村上:外部から見れば進出タイミングが早く見えているだけで、実はすごくリーンに売上を立ててみるということをやっていたんですね。更に「世界一を狙う」とも仰ってますが、それはどのような意図があってのことなんでしょうか?
工藤:ファースト・プライオリティは、東南アジアやこれから展開したいと考えているインドで勝ち抜くことに置いています。実際にセールスで色んな国に行って、パブリッシャーや顧客の声を聞いて、競合がどれくらい強いかを体感すると、インドは結構大変そうなんです。

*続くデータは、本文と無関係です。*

Definition point_type {L} {A B : structure L} (h : A -> B) {X} (bv : X -> B) : atype A X :=
  fun chi => atom_sat (pval h bv) chi.

Section PointType.
Variable L : signature.
Variables A B : structure L.
Variable h : A -> B.
Hypothesis hemb : embedding h.
Variable X : Type.
Variable bv : X -> B.

Let p := point_type h bv.
Let Sigma := fun psi => @diag_free L A X psi \/ p psi.

Lemma diag_free_point_type chi : diag_free chi -> p chi.
Proof.
  intro H; apply atom_sat_qval in H; apply (H B (pval h bv)).
  intros ? [chi0 [-> H0]]; apply atom_sat_map_atom.
  apply (atom_sat_hom (proj1 hemb) (fun a => a) chi0 H0).
Qed.

Lemma implied_point_type chi : implied Sigma chi <-> p chi.
Proof.
  split.
  - intro H; apply (H B (pval h bv)); intros psi [Hd|Hp]; [apply diag_free_point_type, Hd|exact Hp].
  - intros Hp M v HS; apply HS; right; exact Hp.
Qed.

(* Well defined on classes, since every equation of Sigma holds at (h, bv). *)
Definition point_eval (c : quot_type p) : B := eval (pval h bv) (qrep c).

Lemma point_eval_qproj t : point_eval (qproj Sigma t) = eval (pval h bv) t.
Proof.
  apply (implied_qrep Sigma t B (pval h bv)); intros psi [Hd|Hp]; [apply diag_free_point_type, Hd|exact Hp].
Qed.
(* Let $G$ be a finite simple graph and $L_G$ its holonomy Lie algebra. Let $v$ be a vertex of $G$, let $V$ be the set of edges of $G$ incident to $v$, let $K$ be the set of edges of $G$ both of whose endpoints are neighbours of $v$, and let $G_2$ be the graph with edge set $E(G)\setminus V$. Let $\pi:L_G\to L_{G_2}$ be the (well-defined) Lie homomorphism sending each edge in $V$ to $0$ and each other edge to itself. If $K$ is complete (i.e. any two distinct neighbours of $v$ are joined by an edge of $G$), then $\ker\pi$ is a free Lie algebra freely generated by the (images of the) edges in $V$.
   Context: All Lie algebras are over a fixed field. A triangle in a graph is a set of three edges forming a cycle of length 3. For a finite simple graph $G$ with edge set $E(G)$, the holonomy Lie algebra $L_G$ is the free Lie algebra on $E(G)$ modulo the relations $[x,y]=0$ for every pair of distinct edges $x,y$ not contained in a common triangle, and $[a,b]=[b,c]=[c,a]$ for every triangle $\{a,b,c\}$. $L_{G_2}$ is defined in the same way for the graph $G_2$. *)

From HB Require Import structures.
From mathcomp Require Import all_boot all_order all_algebra.
Set Implicit Arguments. Unset Strict Implicit. Unset Printing Implicit Defensive.
Import GRing.Theory.
Local Open Scope ring_scope.

Record lieAlgebra (K : fieldType) := LieAlgebra {
  lie_carrier :> lmodType K;
  lie_br : lie_carrier -> lie_carrier -> lie_carrier;
  lie_brDl : forall (a : K) (x y z : lie_carrier),
      lie_br (a *: x + y) z = a *: lie_br x z + lie_br y z;
  lie_brDr : forall (a : K) (x y z : lie_carrier),
      lie_br z (a *: x + y) = a *: lie_br z x + lie_br z y;
  lie_br_alt : forall x : lie_carrier, lie_br x x = 0;
  lie_jacobi : forall x y z : lie_carrier,
      lie_br x (lie_br y z) + lie_br y (lie_br z x) + lie_br z (lie_br x y) = 0
}.

Section Defs.
Variable K : fieldType.

Definition lie_hom (L M : lieAlgebra K) (f : L -> M) : Prop :=
  (forall (a : K) (x y : L), f (a *: x + y) = a *: f x + f y) /\
  (forall x y : L, f (lie_br x y) = lie_br (f x) (f y)).

Variable T : finType.

Definition is_triangle (E : {set {set T}}) (a b c : {set T}) : Prop :=
  exists p q r : T, [&& p != q, q != r & r != p] /\
    a = [set p; q] /\ b = [set q; r] /\ c = [set r; p] /\
    a \in E /\ b \in E /\ c \in E.

Definition holonomy_rel (E : {set {set T}}) (L : lieAlgebra K)
    (x : {set T} -> L) : Prop :=
  (forall a b, a \in E -> b \in E -> a != b ->
      ~ (exists c, is_triangle E a b c) -> lie_br (x a) (x b) = 0) /\
  (forall a b c, is_triangle E a b c ->
      lie_br (x a) (x b) = lie_br (x b) (x c) /\
      lie_br (x b) (x c) = lie_br (x c) (x a)).

(* (L, iota) is the holonomy Lie algebra of the graph with edge set E:
   the Lie algebra presented by generators E and the holonomy relations,
   i.e. it satisfies the universal property of that presentation. *)
Definition is_holonomy (E : {set {set T}}) (L : lieAlgebra K)
    (iota : {set T} -> L) : Prop :=
  holonomy_rel E iota /\
  forall (M : lieAlgebra K) (f : {set T} -> M), holonomy_rel E f ->
    exists h : L -> M, [/\ lie_hom h,
      (forall e, e \in E -> h (iota e) = f e) &
      (forall h' : L -> M, lie_hom h' ->
         (forall e, e \in E -> h' (iota e) = f e) -> forall y, h' y = h y)].

Definition lie_hom_on (L M : lieAlgebra K) (S : L -> Prop) (h : L -> M) : Prop :=
  forall (a : K) (x y : L), S x -> S y ->
    h (a *: x + y) = a *: h x + h y /\ h (lie_br x y) = lie_br (h x) (h y).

インドのローカルな企業はすごく優秀だし、世界的な企業からお金も集まってきているので、展開する際は本腰入れてやらないといけないなと思っています。
一方で、我々のプロダクトの競争力が上がってきているので、以前よりはアメリカでも通用するようになって来ているという手ごたえもあります。先々を見ればヨーロッパやアメリカでもやれるだろうとも思っているんです。